> Aim of the exercise:
The answer should consist of each line from the data below that includes "move".

> Materials provided:

----

(* 'X^p - 'X has at most p roots, and the p elements k%:R (k < p) are roots. *)
Lemma expp_fixed_natr (x : F) : x ^+ p = x -> exists k : 'I_p, (k : nat)%:R = x.
Proof.
move=> xp; have [k /eqP natr_k|x_notin] := pickP (fun k : 'I_p => (k : nat)%:R == x).
  by exists k.
pose P : {poly F} := 'X^p - 'X.
have size_P : size P = p.+1.
  by rewrite /P size_polyDl ?size_polyXn // size_polyN size_polyX ltnS prime_gt1.
have P_neq0 : P != 0 by rewrite -size_poly_eq0 size_P.
have root_P z : z ^+ p = z -> root P z by move=> zp; rewrite /root /P !hornerE zp subrr.
have natr_inj : injective (fun k : 'I_p => (k : nat)%:R : F).
  move=> i j /eqP; rewrite natr_eq_pchar !modn_small // => /eqP; exact: val_inj.
suff : (p.+1 < size P)%N by rewrite size_P ltnn.
have -> : p.+1 = size (x :: [seq (val k)%:R | k : 'I_p]) by rewrite /= size_map size_enum_ord.
apply: max_poly_roots P_neq0 _ _ => /=.
- rewrite root_P //; apply/allP => _ /mapP[k _ ->]; apply: root_P.
  by rewrite -(pFrobenius_autE pcharFp) rmorph_nat.
- rewrite map_inj_uniq ?enum_uniq // andbT.
  by apply/mapP => -[k _ /esym/eqP]; rewrite x_notin.
Qed.

Lemma trace_expP (x : F) : (trace_exp p x < p)%N /\ (trace_exp p x)%:R = abs_trace p x.
Proof.
rewrite /trace_exp; case: pickP => [k /eqP <-|no_k] /=; first by split.
have [k natr_k] := expp_fixed_natr (abs_trace_expp x).
by have := no_k k; rewrite natr_k eqxx.
Qed.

----

> Solution to this exercise:
move=> xp; have [k /eqP natr_k|x_notin] := pickP (fun k : 'I_p => (k : nat)%:R == x).
have root_P z : z ^+ p = z -> root P z by move=> zp; rewrite /root /P !hornerE zp subrr.
  move=> i j /eqP; rewrite natr_eq_pchar !modn_small // => /eqP; exact: val_inj.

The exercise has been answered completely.